Why are both of these problematic? When you set it too remotely, you no longer get that sense of urgency that you need to get going. There’s no mechanism that forces you to take action as soon as possible because the date is so remote that there’s no consequence.
Similarly, if you pick a date that is too near, like, let’s say tomorrow, it’s so close you become so intimidated that it’s not a surprise that people simply just drop everything and not start. You can’t freak yourself out that way. It has to be remote enough to be comfortable, but not so remote that it robs you of any sense of urgency.
Pick A Start Date You Can Commit To
The bottom line is once you have identified a comfortable start date, stick to it. Commit to it and look forward to your initial meditation target timeframe of 15 to 20 minutes.

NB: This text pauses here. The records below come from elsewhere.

Definition is_open (n : nat) (U : Rn n -> Prop) : Prop :=
  forall x, U x -> exists d : R, (0 < d)%R /\ forall y, (edist x y < d)%R -> U y.
Definition is_closed (n : nat) (C : Rn n -> Prop) : Prop :=
  is_open (fun x => ~ C x).

Definition box_vol (n : nat) (a b : Rn n) : R :=
  \big[Rmult/1%R]_(i < n) (b i - a i)%R.

Definition lebesgue_null (n : nat) (N : Rn n -> Prop) : Prop :=
  forall eps : R, (0 < eps)%R ->
    exists a b : nat -> Rn n,
      (forall k i, (a k i <= b k i)%R) /\
      (forall x, N x -> exists k, forall i, (a k i <= x i <= b k i)%R) /\
      (forall m, (sum_f_R0 (fun k => box_vol (a k) (b k)) m <= eps)%R).

(* |F| < c : F injects into R but R does not inject into F. *)
Definition card_lt_continuum (T : Type) (F : T -> Prop) : Prop :=
  (exists g : {X : T | F X} -> R, forall u v, g u = g v -> u = v) /\
  ~ (exists h : R -> {X : T | F X}, forall s t, h s = h t -> s = t).

Definition hyp_star (n : nat) : Prop :=
  forall (F : (Rn n -> Prop) -> Prop),
    (forall X, F X -> is_closed X /\ lebesgue_null X) ->
    card_lt_continuum F ->
    forall N : Rn n -> Prop, lebesgue_null N ->
      exists x : Rn n, ~ N x /\ ~ (exists X, F X /\ X x).

Definition unif_cont_on (n : nat) (S : Rn n -> Prop) (f : Rn n -> R) : Prop :=
  forall eps : R, (0 < eps)%R -> exists d : R, (0 < d)%R /\
    forall x y, S x -> S y -> (edist x y < d)%R -> (Rabs (f x - f y) < eps)%R.

Definition maps_onto_interval (n : nat) (S : Rn n -> Prop) (f : Rn n -> R) (c d : R) : Prop :=
  (forall x, S x -> (c <= f x <= d)%R) /\
  (forall y, (c <= y <= d)%R -> exists x, S x /\ f x = y).

(* A is a Luzin-type set, built by transfinite recursion along a well-ordering
   of length c.  Closed null sets of the form "countable intersection of finite
   unions of boxes" and null sets of the form "countable intersection of
   countable unions of boxes" are coded by bit sequences, and the codes are
   indexed by an initial well-ordering of R of length c.  At stage a we use
   (star) to pick x_a in the unit cube outside the a-th coded null set and all
   earlier coded closed null sets.  Then A = {x_a} is not null (every null set
   lies in a coded one), and A meets every coded closed null set in fewer than
   c points.  Conversely, if f is uniformly continuous on S, a subset of the
   unit cube, and maps S onto [c, d], a Cantor scheme inside [c, d] produces a
   coded closed null set containing an injective copy of R inside S. *)
From HB Require Import structures.
From Stdlib Require Import Reals Lra Lia ZArith Cantor.
From mathcomp Require Import all_boot boolp wochoice zify.
From Stdlib Require Import Classical ClassicalEpsilon ProofIrrelevance FunctionalExtensionality.
Set Implicit Arguments.
Unset Strict Implicit.
Unset Printing Implicit Defensive.

(* Equality on R is decidable (classically); this is needed to well-order R. *)
HB.instance Definition _ := hasDecEq.Build R (compareP Req_dec_T).

Local Open Scope R_scope.

Definition small (X : R -> Prop) : Prop :=
  ~ exists h : R -> R, injective h /\ forall r, X (h r).

Lemma small_sub (X Y : R -> Prop) : (forall r, X r -> Y r) -> small Y -> small X.
Proof. by move=> XY smallY [h [h_inj hX]]; apply: smallY; exists h; split=> // r; apply: XY. Qed.

(* Adding one point keeps a set small: an injection of R into X + {p}
   hitting p can be shifted to avoid it. *)
Lemma small_add1 (X : R -> Prop) p : small X -> small (fun r => X r \/ r = p).
Proof.
move=> smallX [h [h_inj hX]]; apply: smallX.
case: (classic (exists r0, h r0 = p)) => [[r0 hr0]|hp].
- exists (fun r => h (r0 + exp r)); split.
  + by move=> r s /h_inj E; apply: exp_inv; lra.
  + move=> r; case: (hX (r0 + exp r)) => // E; exfalso.
    move: E; rewrite -hr0 => /h_inj; have := exp_pos r; lra.
- exists h; split=> // r; case: (hX r) => // E.
  by exfalso; apply: hp; exists r.
Qed.

Section WellOrder.
Variables (T : eqType) (W : rel T).
Hypothesis W_wo : well_order W.

Lemma wo_min (P : T -> Prop) : (exists x, P x) -> exists z, P z /\ forall x, P x -> W z x.
Proof.
move=> [x Px]; have ne : nonempty [pred y | `[< P y >]] by exists x; apply/asboolP.
have [z [[/asboolP Pz lbz] _]] := W_wo ne.
by exists z; split=> // y Py; apply: lbz; apply/asboolP.
Qed.

Let W_chain : wo_chain W (mem predT) := withinW W_wo.

Lemma wo_total x y : W x y \/ W y x.
Proof. by have /orP := wo_chainW W_chain (x:=x) (y:=y) isT isT. Qed.

Lemma wo_anti x y : W x y -> W y x -> x = y.
Proof. by move=> Wxy Wyx; apply: (wo_chain_antisymmetric W_chain) => //; rewrite Wxy Wyx. Qed.
End WellOrder.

It’s important to make sure that you do this daily. It’s better to be consistent rather than put in a tremendous amount of time, but only doing it once in a blue moon.
Related Questions About Mindfulness Meditation:
Starting Your Mindfulness Meditation Practice
- Prepare Yourself. Before even attempting to do any practice, understand that your practice is not a performance.
- Bring Heart into It. This is about you learning how to live a better life for yourself.
- Forgive Yourself. Being compassionate starts with you.
- Thank Yourself. You are doing one of the most important activities, it starts with you.
- Find a Buddy. Find someone who would want to come on this adventure with you.
How do I become mindful?
- Practice mindfulness during routine activities. Any small activity is ok.
- Practice right when you wake up. Post a note in the bathroom to remind you.
- Let your mind wander. Immerse yourself in a vivid, focused daydream, it’s good for you!
- Keep it short. You don’t have to spend any more time than you want to. Just do it!
- Practice mindfulness while you wait. Take advantage of delays, appointments or any downtime.
- Pick a prompt to remind you to be mindful. Set a reminder on your phone to beep every hour.
- Learn to meditate. Explore the many mindfulness resources on the web and this site.
How often should you practice mindfulness?
Practice breathing awareness for at least ten minutes at least once a day. Each time you notice that your mind is no longer on your breath, let it go and gently return to the breath. Over time try extending the duration of the meditation until you can do it for at least twenty minutes or more each day.
Is mindfulness the same as meditation?
Nowadays, mindfulness and meditation are often used to mean the same thing, which can be confusing, while not many are clear on what ‘mindfulness meditation’ is and how it differs from either of the above. “Mindfulness is the awareness that arises when we non-judgmentally pay attention in the present moment and only the present moment. You will find it’s an amazing experience.